■ To do
Reproduce exactly the lines below from the one containing "Lemma connected_card_gt2_branch (A" through the one containing "apply: leq_trans (subset_leq_card gained).", including both, and nothing else.

· · · ·

(* Suppose a node $v$ of degree at least $3$ is deleted from a network and the healing responds by adding new edges (not previously present) only between former neighbors of $v$ such that the added edges form a connected graph on the set of former neighbors of $v$. Then, however the healing edges are chosen, at least one node has degree after the deletion and healing at least $1$ larger than its degree before the deletion.
   Context: Networks are undirected graphs; deleting a node removes it and all its incident edges. *)

From mathcomp Require Import all_boot.
Set Implicit Arguments. Unset Strict Implicit. Unset Printing Implicit Defensive.

Definition simple_graph (T : finType) (e : rel T) : Prop :=
  symmetric e /\ irreflexive e.

Definition nbhd (T : finType) (e : rel T) (v : T) : {set T} := [set y | e v y].

Definition deg (T : finType) (e : rel T) (x : T) : nat := #|[set y | e x y]|.

Definition healing (T : finType) (e : rel T) (v : T) (h : rel T) : Prop :=
  [/\ symmetric h, irreflexive h,
      (forall x y, h x y -> e v x && e v y),
      (forall x y, h x y -> ~~ e x y) &
      (forall x y, e v x -> e v y -> connect h x y)].

Definition deg_healed (T : finType) (e : rel T) (v : T) (h : rel T) (x : T) : nat :=
  #|[set y | (y != v) && (e x y || h x y)]|.

From mathcomp Require Import all_boot.

(* If every former neighbour of v received at most one healing edge, the
   healing graph would be a matching, whose connected components have at most
   two vertices; since v had at least three neighbours, some neighbour x gains
   two new edges x--b, x--c while losing only the edge to v. *)

Section MatchingComponents.

Context {T : finType} {h : rel T}.
Hypothesis h_sym : symmetric h.

Lemma connect_matching :
  (forall z w1 w2, h z w1 -> h z w2 -> w1 = w2) ->
  forall x y, connect h x y -> x = y \/ h x y.
Proof.
move=> h_match x y /connectP [p]; elim: p x => [|z p IHp] x /=.
  by move=> _ ->; left.
move=> /andP [hxz hz_p] y_last.
case: (IHp z hz_p y_last) => [<-|hz_last]; first by right.
by left; apply: (h_match z); rewrite // h_sym.
Qed.

Lemma connected_card_gt2_branch (A : {set T}) :
  2 < #|A| -> {in A &, forall x y, connect h x y} ->
  exists x b c, [/\ h x b, h x c & b != c].
Proof.
move=> A_gt2 A_conn.
case: (boolP [exists x, exists b, exists c, [&& h x b, h x c & b != c]]).
  by move=> /existsP [x /existsP [b /existsP [c /and3P [hxb hxc bc]]]]; exists x, b, c.
move=> /existsPn no_branch.
have h_match z w1 w2 : h z w1 -> h z w2 -> w1 = w2.
  move=> hzw1 hzw2; apply/eqP; apply: contraT => w12.
  by move: (no_branch z) => /existsPn/(_ w1)/existsPn/(_ w2); rewrite hzw1 hzw2 w12.
have [a [b [c [[aA bA cA] [ab bc ca]]]]] := card_gt2P A_gt2.
have [a_eq_b|hab] := connect_matching h_match _ _ (A_conn _ _ aA bA).
  by rewrite a_eq_b eqxx in ab.
have [a_eq_c|hac] := connect_matching h_match _ _ (A_conn _ _ aA cA).
  by rewrite a_eq_c eqxx in ca.
by rewrite (h_match _ _ _ hab hac) eqxx in bc.
Qed.

End MatchingComponents.

Lemma deg_healed_gain (T : finType) (e h : rel T) (v x b c : T) :
  e x v -> h x b -> h x c -> b != c -> ~~ e x b -> ~~ e x c ->
  deg e x + 1 <= deg_healed e v h x.
Proof.
move=> exv hxb hxc bc exb exc.
have bv : b != v by apply: contraNneq exb => ->.
have cv : c != v by apply: contraNneq exc => ->.
set S := [set y | e x y].
have gained : (S :\ v) :|: [set b; c] \subset [set y | (y != v) && (e x y || h x y)].
  apply/subsetP => y; rewrite !inE => /orP [/andP [-> ->] //|/orP [] /eqP ->].
    by rewrite bv hxb orbT.
  by rewrite cv hxc orbT.
apply: leq_trans (subset_leq_card gained).
have disjoint_new : (S :\ v) :&: [set b; c] = set0.
  apply/setP => y; rewrite !inE.
  by apply/negbTE/andP => [[/andP [_ exy] /orP [] /eqP E]]; move: exy; rewrite E ?(negbTE exb) ?(negbTE exc).
rewrite cardsU disjoint_new cards0 subn0 cards2 bc /deg -/S (cardsD1 v S) inE exv.
by rewrite add1n addn1 addn2.
Qed.

Theorem lemma11 (T : finType) (e : rel T) (v : T) (h : rel T) :
  simple_graph e -> 3 <= deg e v -> healing e v h ->
  exists x : T, x != v /\ deg e x + 1 <= deg_healed e v h x.
Proof.
move=> [e_sym e_irr] deg_v [h_sym _ h_nbhd h_new h_conn].
have nbhd_conn : {in nbhd e v &, forall x y, connect h x y}.
  by move=> x y; rewrite !inE; apply: h_conn.
have [x [b [c [hxb hxc bc]]]] := connected_card_gt2_branch h_sym (nbhd e v) deg_v nbhd_conn.
have evx : e v x by case/andP: (h_nbhd _ _ hxb).
exists x; split; first by apply: contraTneq evx => ->; rewrite e_irr.
by apply: deg_healed_gain hxb hxc bc (h_new _ _ hxb) (h_new _ _ hxc); rewrite e_sym.
Qed.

· · · ·

■ Solution
Lemma connected_card_gt2_branch (A : {set T}) :
  2 < #|A| -> {in A &, forall x y, connect h x y} ->
  exists x b c, [/\ h x b, h x c & b != c].
Proof.
move=> A_gt2 A_conn.
case: (boolP [exists x, exists b, exists c, [&& h x b, h x c & b != c]]).
  by move=> /existsP [x /existsP [b /existsP [c /and3P [hxb hxc bc]]]]; exists x, b, c.
move=> /existsPn no_branch.
have h_match z w1 w2 : h z w1 -> h z w2 -> w1 = w2.
  move=> hzw1 hzw2; apply/eqP; apply: contraT => w12.
  by move: (no_branch z) => /existsPn/(_ w1)/existsPn/(_ w2); rewrite hzw1 hzw2 w12.
have [a [b [c [[aA bA cA] [ab bc ca]]]]] := card_gt2P A_gt2.
have [a_eq_b|hab] := connect_matching h_match _ _ (A_conn _ _ aA bA).
  by rewrite a_eq_b eqxx in ab.
have [a_eq_c|hac] := connect_matching h_match _ _ (A_conn _ _ aA cA).
  by rewrite a_eq_c eqxx in ca.
by rewrite (h_match _ _ _ hab hac) eqxx in bc.
Qed.

End MatchingComponents.

Lemma deg_healed_gain (T : finType) (e h : rel T) (v x b c : T) :
  e x v -> h x b -> h x c -> b != c -> ~~ e x b -> ~~ e x c ->
  deg e x + 1 <= deg_healed e v h x.
Proof.
move=> exv hxb hxc bc exb exc.
have bv : b != v by apply: contraNneq exb => ->.
have cv : c != v by apply: contraNneq exc => ->.
set S := [set y | e x y].
have gained : (S :\ v) :|: [set b; c] \subset [set y | (y != v) && (e x y || h x y)].
  apply/subsetP => y; rewrite !inE => /orP [/andP [-> ->] //|/orP [] /eqP ->].
    by rewrite bv hxb orbT.
  by rewrite cv hxc orbT.
apply: leq_trans (subset_leq_card gained).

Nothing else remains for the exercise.